SAVE the Children Zimbabwe has extended its nutrition project to seven more districts amidst indications that they intend to reach at least 231,168 with active screening for acute malnutrition and ensure early detection and treatment of acute malnutrition.
By Michael Gwarisa
The increase in the coverage area brings the total number of districts under the Save the children nutrition program to 12.
In an interview with HealthTimes, Save the Children Zimbabwe Nutrition manager Tendai Gunda said they had taken the nutrition program to these seven new districts to make them 12 and will be covering most parts of Mashonaland Central with the exception of Rushinga.
“We expanding to another seven district to make them 12 and we will be covering most of Mashonaland central with the exception of Rushinga. We also expanding to Gokwe North and Gokwe South.
“Following these achievements in the current intervention, there was a need to sustain the project and the gains made, while filling gaps identified during the project implementation. For example, it has been noted that there are no treatment interventions for Moderately Acute malnourished children ( MAM ) who are easily deteriorating into severe acute malnutrition,” said Gunda.

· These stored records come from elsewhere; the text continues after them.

Lemma move3_tauB_homotopic (L : finType) (proj : L -> alpha) (A B C : L) (x y z t : seq L) :
  [/\ A != B, A != C & B != C] -> S (proj A) (tau (proj B)) (proj C) ->
  gauss_word (x ++ [:: A; B] ++ y ++ [:: C; A] ++ z ++ [:: B; C] ++ t) ->
  homotopic (Nanoword proj (x ++ [:: A; B] ++ y ++ [:: C; A] ++ z ++ [:: B; C] ++ t))
            (Nanoword proj (x ++ [:: B; A] ++ y ++ [:: A; C] ++ z ++ [:: C; B] ++ t)).
Proof.
move=> [AB AC BC] hS g0.
have : B \notin x ++ y ++ z ++ t.
  by apply: gauss_word_notin g0 _; rewrite !count_cat /= eqxx; lia.
rewrite !mem_cat !negb_or => /and4P[Bx By Bz Bt].
have := move2_insert_pair proj (proj B) x ([:: A; B] ++ y ++ [:: C; A] ++ z ++ [:: B; C]) t.
have := move2_remove_pair (proj := proj) (p := proj B) (k := false) (P := inr true)
  (Q := inl B) (x ++ [:: B; A]) (y ++ [:: A; C] ++ z) ([:: C; B] ++ t)
  (permEl (perm_catC [:: inr true] [:: inl B])) (esym (tauK _)) erefl.
have := move3_homotopic (pr := ext_proj proj (proj B)) (P := inl A) (Q := inr true)
  (R := inl C) (x := map inl x ++ [:: inr false]) (y := inl B :: map inl y)
  (z := map inl z ++ [:: inl B]) (t := inr false :: map inl t) _ hS.
rewrite !map_cat (map_relabel _ Bx) (map_relabel _ By) (map_relabel _ Bz) (map_relabel _ Bt).
rewrite -!catA /= -?catA /relabel eqxx (negbTE AB) [C == B]eq_sym (negbTE BC) => mv3 rem ins.
have g1 := (move2_gauss ins).2 g0.
apply: rst_trans; first exact: rst_sym (move2_homotopic ins g0).
apply: rst_trans; first exact: rst_sym (mv3 (And3 isT AC isT) g1).
exact: move2_homotopic rem (gauss_word_swap3 g0).
Qed.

The seven new districts under the Save the Children nutrition program are Mt. Darwin, Mazowe, Centenary, Kwekwe, Gokwe North, Gokwe South, Mbire. Gunda said there was need to ensure that children are protected from malnutrition and those found with malnutrition are treated quickly to prevent their death.
The growth in their coverage area also follows the success of their integrated health, Water Sanitation and Hygiene (WASH), Nutrition and child protection projects which they are carrying around country to date.
She added that prevalence of acute malnutrition was higher amongst boys than girls. In addition other districts also had a burden of acute malnutrition that needed to be addressed especially as the country moved into the peak hunger period.
“It was expected that without any intervention, districts that were not previously in an emergency situation but at the border of emergency in June 2017, were likely to migrate into an emergency situations during the peak hunger period that occurs between January and March every year.
“This is the period when grain stocks harvested the previous season start to run out and people are forced to limit their food intake to stretch their stocks for longer,” she said.
Meanwhile, Save the Children seeks to support the treatment of at least 11192 malnourished children through this exercise.
“Cooking demonstrations and infant and young child feeding counselling activities will be implemented to ensure that even despite difficult circumstances, children are still fed with at least a 4 star diet. Save the children hopes to reach at least 12,500 caregivers with infant and young child feeding support.”
During 2017, Save the Children through their support to the Ministry of Health with funding from UNICEF /DFID, screened 77,109 (44063 girls and 33046 boys) children for acute malnutrition, 2,430 (972 girls and 1458 boys) who were found to be malnourished were admitted into health facilities for treatment.
“The children received quality treatment because Save the Children also invested in building the capacity of health workers to deliver quality health and nutrition care. To ensure that children did not relapse; Save the Children also invested in preventive nutrition services through building the capacity of 1004 village health workers to counsel and support mothers on issues to do with infant and young child feeding in the community.
“These VHW’s reached 54,238 caregivers on integrated health , WASH, nutrition, HIV and Child protection messages.”
Following these achievements in the current intervention, Save the Children says there was a need to sustain the project and the gains made, while filling gaps identified during the project implementation.
“For example, it has been noted that there are no treatment interventions for Moderately Acute malnourished children ( MAM ) who are easily deteriorating into severe acute malnutrition. In addition, prevalence of acute malnutrition was higher amongst boys than girls. In addition other districts also had a burden of acute malnutrition that needed to be addressed especially as the country moved into the peak hunger period.
“It was expected that without any intervention, districts that were not previously in an emergency situation but at the border of emergency in June 2017, were likely to migrate into an emergency situation during the peak hunger period that occurs between January and March every year. (this is the period when grain stocks harvested the previous season start to run out and people are forced to limit their food intake to stretch their stocks for longer).”